Your task:
Repeat exactly the lines of the listing from the line containing "Lemma desc_before_last p" through its last line, and nothing beyond them.

Task input:

(* For every $k\ge0$, the restriction $f_k$ of $f$ to $\mathcal{P}_k$ is an order isomorphism from $\mathcal{P}_k$ (with pattern containment order) onto $\widehat{\mathcal{A}}_{k+1}$ (with subword order): it is a bijection, and for $\sigma,\pi\in\mathcal{P}_k$ we have $\sigma\le\pi$ if and only if $f(\sigma)\le f(\pi)$.
   Context: A permutation of length $n\ge1$ is a word $\pi=\pi_1\cdots\pi_n$ containing each of $1,\dots,n$ exactly once. $\sigma\le\pi$ (pattern containment) if $\pi$ has a subsequence whose letters are in the same relative order as the letters of $\sigma$. A descent of $\pi$ is an index $i$ with $\pi_i>\pi_{i+1}$; $\mathcal{P}_k$ is the set of permutations with exactly $k$ descents, with the induced order. For a letter $c$ of $\pi$, $d_\pi(c)$ is $1$ plus the number of descents at indices before the position of $c$. Words are finite sequences of positive integers with subword order: $v\le w$ if $v$ equals some (not necessarily consecutive) subsequence of $w$. $\max(w)$ is the largest letter of $w$. $\widehat{\mathcal{A}}_k$ is the set of words $w$ with $\max(w)=k$ such that (AC1) each $i\in\{1,\dots,k\}$ occurs in $w$, and (AC2) for each $i\in\{1,\dots,k-1\}$ the rightmost occurrence of $i$ is preceded by an occurrence of $i+1$, with subword order. $f(\pi)=d_\pi(1)d_\pi(2)\cdots d_\pi(n)$. *)

From mathcomp Require Import all_boot.
Set Implicit Arguments. Unset Strict Implicit. Unset Printing Implicit Defensive.

Definition is_perm (p : seq nat) : bool :=
  (0 < size p) && perm_eq p (iota 1 (size p)).

Definition contains (pi sigma : seq nat) : Prop :=
  exists s : seq nat,
    [/\ subseq s pi, size s = size sigma &
        forall i j, i < size sigma -> j < size sigma ->
          (nth 0 sigma i < nth 0 sigma j) = (nth 0 s i < nth 0 s j)].

Definition pat_le (sigma pi : seq nat) : Prop := contains pi sigma.

Definition is_descent (p : seq nat) (i : nat) : bool :=
  (i.+1 < size p) && (nth 0 p i > nth 0 p i.+1).

Definition des (p : seq nat) : nat := count (is_descent p) (iota 0 (size p)).

Definition dval (p : seq nat) (c : nat) : nat :=
  1 + count (is_descent p) (iota 0 (index c p)).

Definition fmap (p : seq nat) : seq nat := map (dval p) (iota 1 (size p)).

Definition maxw (w : seq nat) : nat := \max_(x <- w) x.

(* 0-based position of the rightmost occurrence of x in w (assuming x \in w) *)
Definition last_pos (x : nat) (w : seq nat) : nat := (size w).-1 - index x (rev w).

Definition inAhat (k : nat) (w : seq nat) : bool :=
  [&& all (fun x => 0 < x) w,
      maxw w == k,
      all (fun i => i \in w) (iota 1 k) &
      all (fun i => i.+1 \in take (last_pos i w) w) (iota 1 k.-1) ].

From mathcomp Require Import all_boot zify.
Set Implicit Arguments. Unset Strict Implicit. Unset Printing Implicit Defensive.

(* A permutation with k descents splits into k+1 increasing runs, and f(pi) records for each
   letter the run containing it; hence pi lists its letters sorted by (run, letter).  So pi is
   recovered from f(pi), and a word w of Ahat_(k+1) comes from the permutation listing 1..n
   sorted by (w_c, c): AC1 makes all k+1 runs nonempty and AC2 forces a descent between
   consecutive runs.  An occurrence of sigma in pi meets the runs of pi weakly increasingly and
   must change run at each descent of sigma; when des sigma = des pi this pins the runs down, so
   f(sigma) is the subword of f(pi) at the letters of the occurrence.  Conversely, the letters
   selected by a subword of f(pi), taken in (run, letter) order, form an occurrence of sigma. *)

Definition desc_before (p : seq nat) (i : nat) : nat := count (is_descent p) (iota 0 i).

Lemma desc_beforeS p i : desc_before p i.+1 = desc_before p i + is_descent p i.
Proof. by rewrite /desc_before -addn1 iotaD count_cat /= addn0. Qed.

Lemma leq_desc_before p : {homo desc_before p : i j / i <= j}.
Proof. by move=> i j /subnKC <-; rewrite /desc_before iotaD count_cat leq_addr. Qed.

Lemma desc_before_step p i : desc_before p i <= desc_before p i.+1 <= (desc_before p i).+1.
Proof. by rewrite desc_beforeS; case: is_descent; rewrite ?addn0 ?addn1 leqnn ?leqnSn. Qed.

Lemma desE p : des p = desc_before p (size p).
Proof. by []. Qed.

Lemma desc_before_last p : 0 < size p -> desc_before p (size p).-1 = des p.
Proof.
move=> p_gt0; rewrite desE -{2}(prednK p_gt0) desc_beforeS.
by rewrite /is_descent prednK // ltnn addn0.
Qed.

Lemma dvalE p c : dval p c = (desc_before p (index c p)).+1.
Proof. by rewrite /dval add1n. Qed.

Section UnitSteps.

Variable f : nat -> nat.
Hypotheses (f0 : f 0 = 0) (f_step : forall t, f t <= f t.+1 <= (f t).+1).

Lemma unit_steps_cross N v : v < f N -> exists t, [/\ t < N, f t = v & f t.+1 = v.+1].
Proof.
elim: N => [|N IHN]; first by rewrite f0.
case: (ltnP v (f N)) => [/IHN [t [tN ftv ftSv]] _|le_v_fN lt_v_fSN].
  by exists t; split=> //; apply: ltnW.
by exists N; have := f_step N; split=> //; lia.
Qed.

Task solution:
Lemma desc_before_last p : 0 < size p -> desc_before p (size p).-1 = des p.
Proof.
move=> p_gt0; rewrite desE -{2}(prednK p_gt0) desc_beforeS.
by rewrite /is_descent prednK // ltnn addn0.
Qed.

Lemma dvalE p c : dval p c = (desc_before p (index c p)).+1.
Proof. by rewrite /dval add1n. Qed.

Section UnitSteps.

Variable f : nat -> nat.
Hypotheses (f0 : f 0 = 0) (f_step : forall t, f t <= f t.+1 <= (f t).+1).

Lemma unit_steps_cross N v : v < f N -> exists t, [/\ t < N, f t = v & f t.+1 = v.+1].
Proof.
elim: N => [|N IHN]; first by rewrite f0.
case: (ltnP v (f N)) => [/IHN [t [tN ftv ftSv]] _|le_v_fN lt_v_fSN].
  by exists t; split=> //; apply: ltnW.
by exists N; have := f_step N; split=> //; lia.
Qed.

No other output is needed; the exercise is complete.